As the number of connected vehicles increases and use cases evolve, the volume of data will continue to increase along with the need to minimize latency. Whilst data stored and processed centrally may be adequate for some use cases, it can be unreliable and slow for others. LTE can significantly accelerate the deployment of connected vehicle communications. LTE cells can provide “beyond the line of sight” visibility i.e. beyond the range of direct communication between vehicles of 300 – 500m. It can also satisfy the tight latency requirement of connected vehicle communications, below 100ms in some use cases. Messages could be distributed in real time over LTE, eliminating the need to build a countrywide Digital Short-Range Communications (DSRC) network. Cars can leverage their increasingly inbuilt LTE connectivity; in deployments where DSRC exists, LTE would be able complement it.

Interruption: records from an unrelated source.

(* Let $\kappa_{\mathrm{charge}(3)}$ denote the growth rate of the charge(3) model and $\kappa_{Q\text{-charge}}$ the growth rate of the $Q$-charge model on the square lattice, as defined in the context. Then $\kappa_{\mathrm{charge}(3)} = \kappa_{Q\text{-charge}}$.
   Context: Work on the finite square lattice $[1,N]^2\subset\mathbb{Z}^2$, whose $N^2$ vertices carry spins $\oplus=+1$ or $\ominus=-1$. A spin configuration satisfies the charge(3) constraint if for every horizontal or vertical segment of consecutive vertices, the sum of the spins along that segment lies between $-3$ and $+3$. Let $Z^{\mathrm{ch}}_N$ be the number of charge(3) configurations on $[1,N]^2$. The $Q$-charge model places states on the bonds of $[1,N]^2$, including boundary bonds (so every vertex has exactly four incident bonds: north, west, east, south). Each bond state is an integer in $\{0,1,2,3\}$. A labelling is valid if at every vertex with north bond state $a$, west bond state $b$, east bond state $c$ and south bond state $d$, one has $d-a=c-b=\pm 1$ (both differences equal to the same value $+1$ or $-1$). Let $Z^{Q}_N$ be the number of valid $Q$-charge labellings. (Intuitively, the state of a horizontal (resp. vertical) bond is the cumulative charge after reading the spin to its west (resp. north), so a charge(3) configuration maps to one or more $Q$-charge configurations.) The growth rate of a model is $\kappa=\lim_{N\to\infty} Z_N^{1/N^2}$, where $Z_N$ is its number of valid configurations on $[1,N]^2$ (these limits are taken to exist). *)

From Stdlib Require Import Reals.
From Coquelicot Require Import Coquelicot.
From mathcomp Require Import all_boot all_algebra.

Set Implicit Arguments.
Unset Strict Implicit.
Unset Printing Implicit Defensive.

Import GRing.Theory.
Local Open Scope ring_scope.

(* A spin configuration on [1,N]^2 : vertex (i,j) (row i, column j, 0-based)
   carries spin +1 (true) or -1 (false). *)
Definition spin (b : bool) : int := if b then 1 else -1.

Definition charge3 (N : nat) (s : {ffun 'I_N * 'I_N -> bool}) : bool :=
  [forall i : 'I_N, forall a : 'I_N, forall b : 'I_N,
     (leq a b) ==>
     [&& (-3 <= \sum_(j : 'I_N | (leq a j && leq j b)) spin (s (i, j)) <= 3)
       & (-3 <= \sum_(j : 'I_N | (leq a j && leq j b)) spin (s (j, i)) <= 3)]].

Definition Zch (N : nat) : nat := #|[set s : {ffun 'I_N * 'I_N -> bool} | charge3 s]|.

(* Horizontal bonds: row i (< N), position k (<= N); bond k is the west bond of
   vertex (i,k) and the east bond of vertex (i,k-1); positions 0 and N are the
   boundary bonds.  Vertical bonds: position k (<= N), column j (< N); bond k is
   the north bond of vertex (k,j) and the south bond of vertex (k-1,j). *)
Definition Qconf (N : nat) : finType :=
  ({ffun 'I_N * 'I_N.+1 -> 'I_4} * {ffun 'I_N.+1 * 'I_N -> 'I_4})%type.

Definition st (x : 'I_4) : int := (nat_of_ord x)%:Z.

Definition Qvalid (N : nat) (c : Qconf N) : bool :=
  [forall i : 'I_N, forall j : 'I_N,
    let a := st (c.2 (widen_ord (leqnSn N) i, j)) in   (* north *)
    let b := st (c.1 (i, widen_ord (leqnSn N) j)) in   (* west  *)
    let e := st (c.1 (i, lift ord0 j)) in              (* east  *)
    let d := st (c.2 (lift ord0 i, j)) in              (* south *)
    (d - a == e - b) && ((d - a == 1) || (d - a == -1))].

Definition ZQ (N : nat) : nat := #|[set c : Qconf N | Qvalid c]|.

Definition rootN2 (Z : nat -> nat) (N : nat) : R :=
  Rpower (INR (Z N)) (/ INR (N * N)%N).

(* Reading the horizontal (resp. vertical) bond states of a valid Q-charge labelling as
   cumulative charges, the spin at each vertex is the common difference d - a = c - b.
   This gives a map to charge(3) configurations (a difference of two states in {0..3}
   lies in [-3,3]), which is injective once the 2N boundary states on the west and north
   sides are recorded; hence Z^Q_N <= 16^N Z^ch_N.  Conversely every charge(3)
   configuration arises: along each row and column, the partial sums of the spins
   minus their minimum take values in {0..3}.  So Z^ch_N <= Z^Q_N <= 16^N Z^ch_N,
   and 16^(N/N^2) -> 1 forces the two growth rates to agree. *)
From Stdlib Require Import Reals Lra.
From Coquelicot Require Import Coquelicot.
From mathcomp Require Import all_boot all_order all_algebra.
From mathcomp Require Import zify.

Set Implicit Arguments.
Unset Strict Implicit.
Unset Printing Implicit Defensive.

Import Order.TTheory GRing.Theory Num.Theory.
Local Open Scope ring_scope.

Section PartialSums.
Variables (N : nat) (g : 'I_N -> int).

Definition psum (k : nat) : int := \sum_(j : 'I_N | (j < k)%N) g j.

Definition segsum (a b : nat) : int :=
  \sum_(j : 'I_N | (a <= j)%N && (j <= b)%N) g j.

Lemma psumB k1 k2 : (k1 <= k2)%N ->
  psum k2 - psum k1 = \sum_(j : 'I_N | (k1 <= j)%N && (j < k2)%N) g j.
Proof.
move=> le12; rewrite /psum (bigID (fun j : 'I_N => (j < k1)%N)) /=.
have -> : \sum_(j < N | (j < k2)%N && (j < k1)%N) g j = psum k1.
  apply: eq_bigl => j; apply/idP/idP => [/andP[]//|lt1].
  by rewrite lt1 andbT (leq_trans lt1 le12).
by rewrite addrC addrK; apply: eq_bigl => j; rewrite -leqNgt andbC.
Qed.

Lemma psumB_segsum k1 k2 : (k1 < k2)%N -> psum k2 - psum k1 = segsum k1 k2.-1.
Proof.
move=> lt12; rewrite psumB ?(ltnW lt12) //.
by apply: eq_bigl => j; case: k2 lt12.
Qed.

Lemma psum0 : psum 0 = 0.
Proof. by rewrite /psum big_pred0. Qed.

Lemma psumS (j : 'I_N) : psum j.+1 = psum j + g j.
Proof.
have := psumB (leqnSn j); rewrite (big_pred1 j) => [<-|i /=]; first by rewrite addrC subrK.
by rewrite -eqn_leq; apply/eqP/eqP => [/val_inj|->].
Qed.

Variable m : int.
Hypothesis m_ge0 : 0 <= m.
Hypothesis segsum_bounded :
  forall a b : 'I_N, (a <= b)%N -> -m <= segsum a b <= m.

Lemma psumB_le k k' : (k <= N)%N -> (k' <= N)%N -> psum k - psum k' <= m.
Proof.
have seg_le (k1 k2 : nat) : (k1 < k2)%N -> (k2 <= N)%N ->
    -m <= psum k2 - psum k1 <= m.
  move=> lt12 le2N; rewrite psumB_segsum //.
  have lt2 : (k2.-1 < N)%N by case: k2 lt12 le2N.
  have lt1 : (k1 < N)%N by apply: leq_trans lt12 le2N.
  have le12 : (k1 <= k2.-1)%N by case: (k2) lt12.
  exact: (@segsum_bounded (Ordinal lt1) (Ordinal lt2)).
move=> leN le'N; case: (ltngtP k' k) => [lt|lt|->]; last by rewrite subrr.
- by have /andP[_ ->] := seg_le _ _ lt leN.
- by have /andP[+ _] := seg_le _ _ lt le'N; rewrite -lerNl opprB.
Qed.

Definition psum_min : int :=
  psum (Order.arg_min ord0 xpredT (fun k : 'I_N.+1 => psum k)).

Lemma psum_min_bounds k : (k <= N)%N -> 0 <= psum k - psum_min <= m.
Proof.
move=> leN; rewrite /psum_min.
case: (@arg_minP _ int _ ord0 xpredT (fun k : 'I_N.+1 => psum k) isT) => k0 _ min_k0.
have := min_k0 (inord k) isT; rewrite /= inordK // => le0.
by rewrite subr_ge0 le0 psumB_le // -ltnS.
Qed.

End PartialSums.

Section QchargeSpins.
Variable N : nat.
Implicit Types (s : {ffun 'I_N * 'I_N -> bool}) (c : Qconf N).

Definition row_spins s (i : 'I_N) (j : 'I_N) : int := spin (s (i, j)).
Definition col_spins s (j : 'I_N) (i : 'I_N) : int := spin (s (i, j)).

Lemma charge3P s : charge3 s ->
  (forall i (a b : 'I_N), (a <= b)%N -> -3 <= segsum (row_spins s i) a b <= 3) /\
  (forall j (a b : 'I_N), (a <= b)%N -> -3 <= segsum (col_spins s j) a b <= 3).
Proof.
by move=> /forallP ch3; split=> i a b ab;
  have /forallP/(_ a)/forallP/(_ b)/implyP/(_ ab)/andP[] := ch3 i.
Qed.

Lemma st_sub_bounds (x y : 'I_4) : -3 <= st x - st y <= 3.
Proof. by have := ltn_ord x; have := ltn_ord y; rewrite /st; lia. Qed.

Lemma st_inj : injective st.
Proof. by move=> x y /eqP; rewrite /st eqz_nat => /eqP /val_inj. Qed.

Lemma st_inord (x : int) : 0 <= x <= 3 -> st (inord `|x|%N : 'I_4) = x.
Proof. by case/andP=> x_ge0 x_le3; rewrite /st inordK ?gez0_abs //; lia. Qed.

Lemma widen_inord (j : 'I_N) : widen_ord (leqnSn N) j = inord j.
Proof. by apply: val_inj; rewrite /= inordK // ltnS ltnW. Qed.

Lemma lift0_inord (j : 'I_N) : lift ord0 j = inord j.+1 :> 'I_N.+1.
Proof. by apply: val_inj; rewrite /= inordK // /bump /= ltnS. Qed.

Definition spins_of c : {ffun 'I_N * 'I_N -> bool} :=
  [ffun p => st (c.1 (p.1, lift ord0 p.2)) - st (c.1 (p.1, widen_ord (leqnSn N) p.2)) == 1].

Lemma Qvalid_spins_of c : Qvalid c -> forall i j,
  spin (spins_of c (i, j)) = st (c.1 (i, inord j.+1)) - st (c.1 (i, inord j)) /\
  spin (spins_of c (i, j)) = st (c.2 (inord i.+1, j)) - st (c.2 (inord i, j)).
Proof.
move=> /forallP valid i j; have /forallP/(_ j)/andP[/eqP eq_diff /orP pm1] := valid i.
rewrite ffunE /= -!widen_inord -!lift0_inord -eq_diff /spin.
by case: pm1 => /eqP ->.
Qed.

Mobile Edge Computing can be used to extend the connected car cloud into the highly distributed mobile base station environment, and enable data and applications to be housed close to the vehicles. This can reduce the round trip time of data and enable a layer of abstraction from both the core network and applications provided over the internet. MEC applications can run on MEC servers which are deployed at the LTE base station site to provide the roadside functionality. The MEC applications can receive local messages directly from the applications in the vehicles and the roadside sensors, analyse them and then propagate (with extremely low latency) hazard warnings and other latency-sensitive messages to other cars in the area (as depicted in Figure 5). This enables a nearby car to receive data in a matter of milliseconds, allowing the driver to immediately react.
The roadside MEC application will be able to inform adjacent Mobile Edge Computing servers about the event(s) and in so doing, enable these servers to propagate hazard warnings to cars that are close to the affected area.
The roadside application will be able to send local information to the applications at the connected car cloud for further centralized processing and reporting.